More ``numpy`` functions can be found on the Numpy cheat sheet on canvas. Although you won't need it this week, many of these functions also work with arrays as well as scalars.

You can add your code to do your RC time constant and uncertainty calculation in the cell below or in an additional code cell (or more). Just make sure you run the line to import numpy as np before using the numpy functions.

Being able to do quick calculations within your Jupyter notebook will be very handy in the lab!

In [None]:
import numpy as np

Make sure to report the result with an apporpriate number of significant figures based on the uncertainty. You can either do this by transcribing the result into a markdown cell, or by using a format statement when you print the result.

### Formatting numerical output

The numbers we work with most of the time are called "floats" or floating-point numbers; these are a way of storing values with decimals that consists of an integer (the significand) and an exponent to place the decimal correctly. The computer stores as many places as it can for the number type (floats in Python are 64-bit double-precision values), but when they are printed they are technically converted to a string first. So, we can specify how we want that string printed.

When we input a `print` command we can add a format string to tell python what to give back so that it looks like `print(f"{mybignumber:specifier}")`. Different format strings do different things:
* if we just care about the number of places after the decimal we can use a `.nf` specifier where n is the number of places after the decimal
* if we just care about the number of significant digits (counting before and after the decimal) use `.ng` where n is the nubmer of significant digits (for example, we always want uncertainty to 1 sig fig!)
* if we want to specify both the leading and trailing digits we can specify a fixed-width with `m.nf` where m is the nubmer of spaces/digits including the decimal, and n specifies the precision as above.

In [11]:
x=289.254
y=42
z=x/y

print(z) # full float
print(f"{z:.4f}") # 4 decimal places
print(f"{z:.1g}") # 1 significant digit
print(f"{x:5.0f}") # 5 places total (including the decimal) and 0 places after

6.8870000000000005
6.8870
7
  289


## Pack and trim the data

Instructions:

Last week you used a code block to reduce the number of data points as well as estimate the uncertainties. You will use the same routine again, but now because you are only interested in fitting an exponential decay (not a series of charging and discharge cycles) you will need to isolate the region of interest. We will do this by "trimming" the data down to just the part we are interested in.

You will need to load in the sample data and determine what region you want to use for fitting an exponential decay model (below).

Below, we have provided a more compact version of the code you used last week to examine your data and then do some averaging to pack it.
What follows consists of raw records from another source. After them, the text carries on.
Lemma subringMn x k : R x -> R (x *+ k).
Proof. by move=> Rx; elim: k => [|k]; [apply: subring0 | rewrite mulrS; apply: subringD]. Qed.

Lemma subring_sign k : R ((-1) ^+ k).
Proof. exact/subringX/subringN/subring1. Qed.

Lemma subring_det k (A : 'M[B]_k) : (forall i j, R (A i j)) -> R (\det A).
Proof.
move=> RA; apply: subring_sum => s _; apply: subringM; first exact: subring_sign.
by apply: subring_prod => i _; apply: RA.
Qed.

Lemma subring_cofactor k (A : 'M[B]_k) i j : (forall i j, R (A i j)) -> R (cofactor A i j).
Proof.
move=> RA; apply: subringM; first exact: subring_sign.
by apply: subring_det => i' j'; rewrite !mxE.
Qed.

End Subring.

Section LocallyNilpotentDerivation.
Variables (B : comNzRingType) (R : B -> Prop) (D : B -> B).
Hypotheses (hR : is_subring R) (hD : is_LND_on R D).

Definition kernel x := R x /\ D x = 0.

Lemma lnd_closed x : R x -> R (D x). Proof. by case: hD => + _ _ _; apply. Qed.
Lemma lndD x y : R x -> R y -> D (x + y) = D x + D y.
Proof. by case: hD => _ + _ _; apply. Qed.
Lemma lndM x y : R x -> R y -> D (x * y) = x * D y + y * D x.
Proof. by case: hD => _ _ + _; apply. Qed.
Lemma lnd_nilpotent x : R x -> exists m, iter m D x = 0.
Proof. by case: hD => _ _ _; apply. Qed.

Lemma iter_lnd_closed k x : R x -> R (iter k D x).
Proof. by move=> Rx; elim: k => //= k; apply: lnd_closed. Qed.

Lemma lnd0 : D 0 = 0.
Proof.
have R0 := subring0 hR; have := lndD R0 R0; rewrite addr0 => D0E.
by apply: (@addIr _ (D 0)); rewrite add0r -D0E.
Qed.

Lemma lnd1 : D 1 = 0.
Proof.
have R1 := subring1 hR; have := lndM R1 R1; rewrite mulr1 !mul1r => D1E.
by apply: (@addIr _ (D 1)); rewrite add0r -D1E.
Qed.

Lemma lndN x : R x -> D (- x) = - D x.
Proof.
move=> Rx; apply/eqP; rewrite -addr_eq0 -lndD ?addNr ?lnd0 //.
exact: subringN hR _ Rx.
Qed.

Lemma lndB x y : R x -> R y -> D (x - y) = D x - D y.
Proof. by move=> Rx Ry; rewrite lndD ?lndN //; apply: subringN hR _ Ry. Qed.

Lemma lndMn x k : R x -> D (x *+ k) = D x *+ k.
Proof.
move=> Rx; elim: k => [|k IHk]; first exact: lnd0.
by rewrite !mulrS lndD ?IHk //; apply: subringMn hR _ _ Rx.
Qed.

Lemma lnd_sum (I : Type) (r : seq I) (P : pred I) (F : I -> B) :
    (forall i, P i -> R (F i)) ->
  D (\sum_(i <- r | P i) F i) = \sum_(i <- r | P i) D (F i).
Proof.
move=> RF; suff [] : R (\sum_(i <- r | P i) F i) /\
    D (\sum_(i <- r | P i) F i) = \sum_(i <- r | P i) D (F i) by [].
elim/big_rec2: _ => [|i x y Pi [Rx <-]]; first by split; [apply: subring0 hR | apply: lnd0].
by have RFi := RF i Pi; split; [exact: (subringD hR) | rewrite lndD].
Qed.

Lemma iter_lnd0 k : iter k D 0 = 0.
Proof. by elim: k => //= k ->; apply: lnd0. Qed.

Lemma iter_lndN k x : R x -> iter k D (- x) = - iter k D x.
Proof. by move=> Rx; elim: k => //= k ->; rewrite lndN //; apply: iter_lnd_closed. Qed.

Lemma iter_lnd_sum k (I : Type) (r : seq I) (P : pred I) (F : I -> B) :
    (forall i, P i -> R (F i)) ->
  iter k D (\sum_(i <- r | P i) F i) = \sum_(i <- r | P i) iter k D (F i).
Proof.
move=> RF; elim: k => //= k ->.
by rewrite lnd_sum // => i Pi; apply/iter_lnd_closed/RF.
Qed.

Lemma lndZ c x : kernel c -> R x -> D (c * x) = c * D x.
Proof. by move=> [Rc Dc] Rx; rewrite lndM // Dc mulr0 addr0. Qed.

Lemma iter_lndZ k c x : kernel c -> R x -> iter k D (c * x) = c * iter k D x.
Proof. by move=> kc Rx; elim: k => //= k ->; rewrite lndZ //; apply: iter_lnd_closed. Qed.

Lemma lndX x k : R x -> D (x ^+ k.+1) = x ^+ k * D x *+ k.+1.
Proof.
move=> Rx; elim: k => [|k IHk]; first by rewrite expr0 mul1r.
rewrite exprS lndM ?IHk //; last exact: subringX.
by rewrite mulrnAr mulrA -exprS -mulrSr.
Qed.

Lemma iter_lndM k a b : R a -> R b ->
  iter k D (a * b) = \sum_(i < k.+1) (iter (k - i) D a * iter i D b) *+ 'C(k, i).
Proof.
move=> Ra Rb; pose T i j := iter i D a * iter j D b.
have RT i j : R (T i j) by rewrite /T; apply: (subringM hR); apply: iter_lnd_closed.
suff: iter k D (a * b) = \sum_(0 <= i < k.+1) T (k - i)%N i *+ 'C(k, i) by rewrite big_mkord.
elim: k => [|k IHk]; first by rewrite big_nat1.
rewrite iterS IHk lnd_sum => [|i _]; last exact/(subringMn hR)/RT.
rewrite (eq_bigr (fun i => T (k - i)%N.+1 i *+ 'C(k, i) + T (k - i)%N i.+1 *+ 'C(k, i)));
  last first.
  move=> i _; rewrite (lndMn _ (RT _ _)).
  rewrite (lndM (iter_lnd_closed _ Ra) (iter_lnd_closed _ Rb)) mulrnDl addrC.
  by rewrite [iter i D b * _]mulrC.
rewrite big_split big_nat_recl // [in RHS]big_nat_recl // big_nat_recr // [in RHS]big_nat_recr //=.
rewrite !subn0 !bin0 subnn subSS subnn !binn -!addrA; congr (_ + _).
rewrite addrA -big_split /=; congr (_ + _); apply: eq_big_nat => i /andP[_ lt_ik].
by rewrite subnSK // subSS binS mulrnDr.
Qed.

Lemma kernel_subring : is_subring kernel.
Proof.
have [R0 R1] := (subring0 hR, subring1 hR).
split; [by split; last exact: lnd0 | by split; last exact: lnd1 | |].
  by move=> x y [Rx Dx] [Ry Dy]; split; [apply: subringB | rewrite lndB // Dx Dy subrr].
by move=> x y [Rx Dx] [Ry Dy]; split; [apply: subringM | rewrite lndM // Dx Dy !mulr0 addr0].
Qed.

End LocallyNilpotentDerivation.

Section Divisibility.
Variable B : idomainType.

Definition divides (x z : B) := exists u, z = x * u.

Definition rel_coprime (x y : B) :=
  forall z, divides x z -> divides y z -> divides (x * y) z.

Lemma divides_refl x : divides x x. Proof. by exists 1; rewrite mulr1. Qed.

Lemma divides_trans x y z : divides x y -> divides y z -> divides x z.
Proof. by case=> u -> [v ->]; exists (u * v); rewrite mulrA. Qed.

Lemma divides_mulr x z w : divides x z -> divides x (z * w).
Proof. by case=> u ->; exists (u * w); rewrite mulrA. Qed.

Lemma divides_mull x z w : divides x z -> divides x (w * z).
Proof. by rewrite mulrC; apply: divides_mulr. Qed.

Lemma dividesN x z : divides x z -> divides x (- z).
Proof. by case=> u ->; exists (- u); rewrite mulrN. Qed.

Lemma divides_sum (I : Type) (r : seq I) (P : pred I) (F : I -> B) x :
  (forall i, P i -> divides x (F i)) -> divides x (\sum_(i <- r | P i) F i).
Proof.
move=> dvF; apply: big_ind => //; first by exists 0; rewrite mulr0.
by move=> _ _ [u ->] [v ->]; exists (u + v); rewrite mulrDr.
Qed.

Lemma dividesX x a b : (a <= b)%N -> divides (x ^+ a) (x ^+ b).
Proof. by move=> le_ab; exists (x ^+ (b - a)); rewrite -exprD subnKC. Qed.

Lemma divides_det_col k (A : 'M[B]_k) j x :
  (forall i, divides x (A i j)) -> divides x (\det A).
Proof.
move=> dvA; rewrite (expand_det_col _ j).
by apply: divides_sum => i _; apply/divides_mulr/dvA.
Qed.

Lemma rel_coprime_sym x y : rel_coprime x y -> rel_coprime y x.
Proof. by move=> cxy z dy dx; rewrite mulrC; apply: cxy. Qed.

Lemma rel_coprime1 x : rel_coprime x 1.
Proof. by move=> z dx _; rewrite mulr1. Qed.

Lemma rel_coprimeM x y w : rel_coprime x y -> rel_coprime x w -> rel_coprime x (y * w).
Proof.
move=> cxy cxw z dx [t Ez].
have [y0 | nz_y] := eqVneq y 0; first by exists 0; rewrite Ez y0 !(mul0r, mulr0).
have [r Er] : divides (x * y) z.
  by apply: cxy dx _; exists (w * t); rewrite Ez mulrA.
have [s Es] : divides (x * w) (x * r).
  apply: cxw; first exact: divides_mulr (divides_refl _).
  suff -> : x * r = w * t by apply: divides_mulr (divides_refl _).
  by apply: (mulfI nz_y); rewrite !mulrA [y * x]mulrC -Er Ez.
by exists s; rewrite Er mulrAC Es; ring.
Qed.

Lemma rel_coprimeX x y k : rel_coprime x y -> rel_coprime x (y ^+ k).
Proof.
move=> cxy; elim: k => [|k IHk]; first exact: rel_coprime1.
by rewrite exprS; apply: rel_coprimeM.
Qed.

Lemma rel_coprimeXX x y k l : rel_coprime x y -> rel_coprime (x ^+ k) (y ^+ l).
Proof. by move=> cxy; apply/rel_coprimeX/rel_coprime_sym/rel_coprimeX/rel_coprime_sym. Qed.

Lemma divides_prod (I : finType) (S : {set I}) (F : I -> B) z :
    {in S &, forall i j, i != j -> rel_coprime (F i) (F j)} ->
    {in S, forall i, divides (F i) z} ->
  divides (\prod_(i in S) F i) z.
Proof.
move=> cF dvF; rewrite -big_enum /=.
have: {subset enum S <= S} by move=> i; rewrite mem_enum.
elim: (enum S) (enum_uniq S) => [_ _ | i s IHs /andP[s'i uniq_s] sS].
  by rewrite big_nil; exists z; rewrite mul1r.
have Si : i \in S by apply: sS; rewrite inE eqxx.
have {}sS : {subset s <= S} by move=> j sj; apply: sS; rewrite inE sj orbT.
rewrite big_cons; apply: (_ : rel_coprime _ _) (dvF _ Si) (IHs uniq_s sS).
rewrite big_seq; apply: big_ind => [|u v|j sj]; first exact: rel_coprime1.
  exact: rel_coprimeM.
by apply: cF => //; [apply: sS | apply: contraNneq s'i => ->].
Qed.

End Divisibility.

Section Degree.
Variables (B : idomainType) (R : B -> Prop) (D : B -> B).
Hypotheses (hR : is_subring R) (hD : is_LND_on R D).

(* Arbitrary when x is not in R, where D need not be nilpotent. *)
Definition deg (x : B) : nat :=
  epsilon (inhabits 0%N)
    (fun p => iter p.+1 D x = 0 /\ forall q, iter q.+1 D x = 0 -> (p <= q)%N).

Lemma deg_spec x : R x ->
  iter (deg x).+1 D x = 0 /\ forall q, iter q.+1 D x = 0 -> (deg x <= q)%N.
Proof.
move=> Rx; have [m Dm] : exists m, iter m.+1 D x == 0.
  by have [m Dm] := lnd_nilpotent hD Rx; exists m; rewrite iterS Dm (lnd0 hR hD).
apply: (epsilon_spec _ (fun p => iter p.+1 D x = 0 /\ forall q, _ -> _)).
have [p /eqP Dp min_p] := ex_minnP (ex_intro (fun m => iter m.+1 D x == 0) m Dm).
by exists p; split=> // q /eqP/min_p.
Qed.

Lemma deg_leE x p : R x -> (deg x <= p)%N = (iter p.+1 D x == 0).
Proof.
move=> Rx; have [Ddeg min_deg] := deg_spec Rx; apply/idP/eqP => [le_dp|]; last exact: min_deg.
by rewrite -(subnK le_dp) -addnS iterD Ddeg (iter_lnd0 hR hD).
Qed.

Lemma iter_gt_deg x m : R x -> (deg x < m)%N -> iter m D x = 0.
Proof. by case: m => // m Rx; rewrite ltnS deg_leE // => /eqP. Qed.

Lemma iter_deg_neq0 x : R x -> x != 0 -> iter (deg x) D x != 0.
Proof.
move=> Rx nz_x; case Edeg: (deg x) => [|p] //.
by apply/eqP => Dp; move: (deg_leE p Rx); rewrite Edeg ltnn Dp eqxx.
Qed.

Lemma leq_deg_iter x p : R x -> iter p D x != 0 -> (p <= deg x)%N.
Proof. by move=> Rx; apply: contraR; rewrite -ltnNge => /(iter_gt_deg Rx) ->. Qed.

Lemma deg0 : deg 0 = 0%N.
Proof. by apply/eqP; rewrite -leqn0 deg_leE ?(iter_lnd0 hR hD) //; apply: subring0. Qed.

Lemma deg_eq0 x : R x -> (deg x == 0%N) = (D x == 0).
Proof. by move=> Rx; rewrite -leqn0 deg_leE. Qed.

Lemma deg1 : deg 1 = 0%N.
Proof. by apply/eqP; rewrite deg_eq0 ?(lnd1 hR hD) //; apply: (subring1 hR). Qed.

Lemma deg_iter x j : R x -> deg (iter j D x) = (deg x - j)%N.
Proof.
move=> Rx; have Rjx := iter_lnd_closed hD j Rx; apply/eqP; rewrite eqn_leq.
rewrite deg_leE // -iterD iter_gt_deg // ?eqxx /=; last by lia.
have [->|nz_x] := eqVneq x 0; first by rewrite deg0.
have [le_jd|/ltnW] := leqP j (deg x); last by rewrite -subn_eq0 => /eqP->.
by apply: leq_deg_iter => //; rewrite -iterD subnK // iter_deg_neq0.
Qed.

Hypothesis hchar : [pchar B] =i pred0.

Lemma degM a b : R a -> R b -> a != 0 -> b != 0 -> deg (a * b) = (deg a + deg b)%N.
Proof.
move=> Ra Rb nz_a nz_b; have Rab := subringM hR Ra Rb.
apply/eqP; rewrite eqn_leq deg_leE // (iter_lndM hR hD _ Ra Rb) big1 ?eqxx /=; last first.
  move=> i _; have [le_ib|lt_bi] := leqP i (deg b).
    by rewrite iter_gt_deg ?mul0r ?mul0rn //; lia.
  by rewrite (iter_gt_deg Rb lt_bi) mulr0 mul0rn.
apply: leq_deg_iter => //; rewrite (iter_lndM hR hD _ Ra Rb).
have lt_b : (deg b < (deg a + deg b).+1)%N by rewrite ltnS leq_addl.
rewrite (bigD1 (Ordinal lt_b)) // big1 => [|i ne_ib].
  rewrite /= addnK addr0 -mulr_natr !mulf_neq0 ?iter_deg_neq0 //.
  by move/pcharf0P: hchar => ->; rewrite -lt0n bin_gt0 leq_addl.
have {}ne_ib : i != deg b :> nat by apply: contraNneq ne_ib => eq_ib; apply/eqP/val_inj.
have [lt_ib|lt_bi|eq_ib] := ltngtP i (deg b); last by rewrite eq_ib eqxx in ne_ib.
  by rewrite (iter_gt_deg Ra) ?mul0r ?mul0rn //; lia.
by rewrite (iter_gt_deg Rb lt_bi) mulr0 mul0rn.
Qed.

Lemma degX y k : R y -> deg (y ^+ k) = (k * deg y)%N.
Proof.
move=> Ry; have [-> | nz_y] := eqVneq y 0.
  by case: k => [|k]; rewrite ?expr0 ?deg1 ?expr0n ?deg0 ?muln0.
elim: k => [|k IHk]; first by rewrite expr0 deg1.
by rewrite exprS degM ?IHk ?expf_neq0 //; apply: (subringX hR).
Qed.

Lemma deg_prod (I : Type) (r : seq I) (P : pred I) (F : I -> B) :
    (forall i, P i -> R (F i) /\ F i != 0) ->
  deg (\prod_(i <- r | P i) F i) = (\sum_(i <- r | P i) deg (F i))%N.
Proof.
move=> RF; suff [] : [/\ R (\prod_(i <- r | P i) F i), \prod_(i <- r | P i) F i != 0
  & deg (\prod_(i <- r | P i) F i) = (\sum_(i <- r | P i) deg (F i))%N] by [].
elim/big_rec2: _ => [|i x n Pi [Rx nz_x <-]].
  by split; [apply: (subring1 hR) | apply: oner_neq0 | apply: deg1].
have [RFi nz_Fi] := RF i Pi.
by split; [apply: (subringM hR) | rewrite mulf_neq0 | rewrite degM].
Qed.

Lemma degZ c x : kernel R D c -> c != 0 -> R x -> deg (c * x) = deg x.
Proof.
move=> [Rc Dc] nz_c Rx; have [-> | nz_x] := eqVneq x 0; first by rewrite mulr0.
by rewrite degM // (eqP (_ : deg c == 0%N)) // deg_eq0 // Dc.
Qed.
Once you have saved a set of data from the oscilloscope, and uploaded it to your Jupyter account, the entire code runs in one cell. You will probably need to run it several times until you are satisfied with the final output. The key pieces of code that you will need to alter include:
- the name for your uploaded raw data file `fname`
- the zoomed in flat range you use to examine the noise and measure the standard deviation `indexraw_min` to `indexraw_max`
- the corresponding y-range for the selected region to examine `yregion_min` to `yregion_max`
- the number of points you want to average when packing the data `npac`
- to trim unwanted data set the flag `trim` to `1`, and enter `trim_min` and `trim_max` limits of the PACKED indices to include this data only; note if `trim` is set to `0` the full data set will be packed and saved
- the filename you will use to save your packed and trimmed data `output_name`

In [None]:
# import the  necessary libraries and rename them
import numpy as np
import array
import pandas as pd
import matplotlib.pyplot as plt

###############################################################################
# LIST OF ALL INPUTS
###############################################################################

fname = 'something.csv' # file name containing your raw data

# choose the data range you want to examine
indexraw_min = 0
indexraw_max = 2000

# set y-scale to correspond to this range
yregion_min=5.2
yregion_max=4.8

npac=100 # define packing factor  npac

# trim data set range before output to .csv file
trim = 0 # default is 0 to save full dataset, set trim to 1 to trim the output data then give the range
trim_min=50 # start of trimmed data by packed index
trim_max=800 # end of trimmed data by packed index

title='My Packed MicSig Data' # give your graph a title
output_name = 'something_packed.csv' # provide an output filename for the packed data


# read in data - the file is assumed to be in csv format (comma separated variables). 
#Files need to be specified with a full path OR they have to be saved in the same folder 
#as the script
data = np.loadtxt(fname, delimiter=',', comments='#',usecols=(3,4),skiprows=1)
#data = np.loadtxt(fname, delimiter=',',comments='#' )
# access the data columns and assign variables xraw and yraw
#generate  an array  xraw  which is the first  column  of  data.  Note the first column is 
#indexed as  zero.
xraw = data[:,0]
#generate  an array  yraw  which is the second  column  of  data  (index  1)
yraw = data[:,1]
#generate array containing index
indexraw=np.arange(len(xraw))

# plot data versus time and data versus index
fig = plt.figure(figsize=(12,5))
ax1 = fig.add_subplot(121)
ax1.scatter(xraw, yraw,marker='.')
ax1.set_xlabel('Time (sec)')
ax1.set_ylabel('Voltage (V)')
ax1.set_title('My Raw MicSig Data')
ax2 = fig.add_subplot(122)
ax2.scatter(indexraw,yraw,marker='.')
ax2.set_xlabel('Index')
ax2.set_ylabel('Voltage (V)')
plt.show()

###############################################################################
# PLOT RESTRICTED INDEX RANGE OF FLAT DATA, CALCULATE UNCERTAINTY
# plots a restricted index range where the data is flat
# and calculates the standard deviation to assess the noise
###############################################################################

# change axis limits
plt.xlim(indexraw_min,indexraw_max)
plt.ylim(yregion_min,yregion_max)

# plot the data versus index
plt.scatter(indexraw,yraw,marker='.')

# This next command displays the index plot. 
plt.show()

#calculate and display the mean and standard deviation of the data that you have zoomed in on.
y_ave = np.mean(yraw[indexraw_min:indexraw_max])
y_std = np.std(yraw[indexraw_min:indexraw_max])
print('mean = ',y_ave)
print('standard deviation = ', y_std)

# display a histogram of the data
hist,bins = np.histogram(yraw[indexraw_min:indexraw_max],bins=20)
plt.bar(bins[:-1],hist,width=bins[1]-bins[0])
plt.ylim(0,1.2*np.max(hist))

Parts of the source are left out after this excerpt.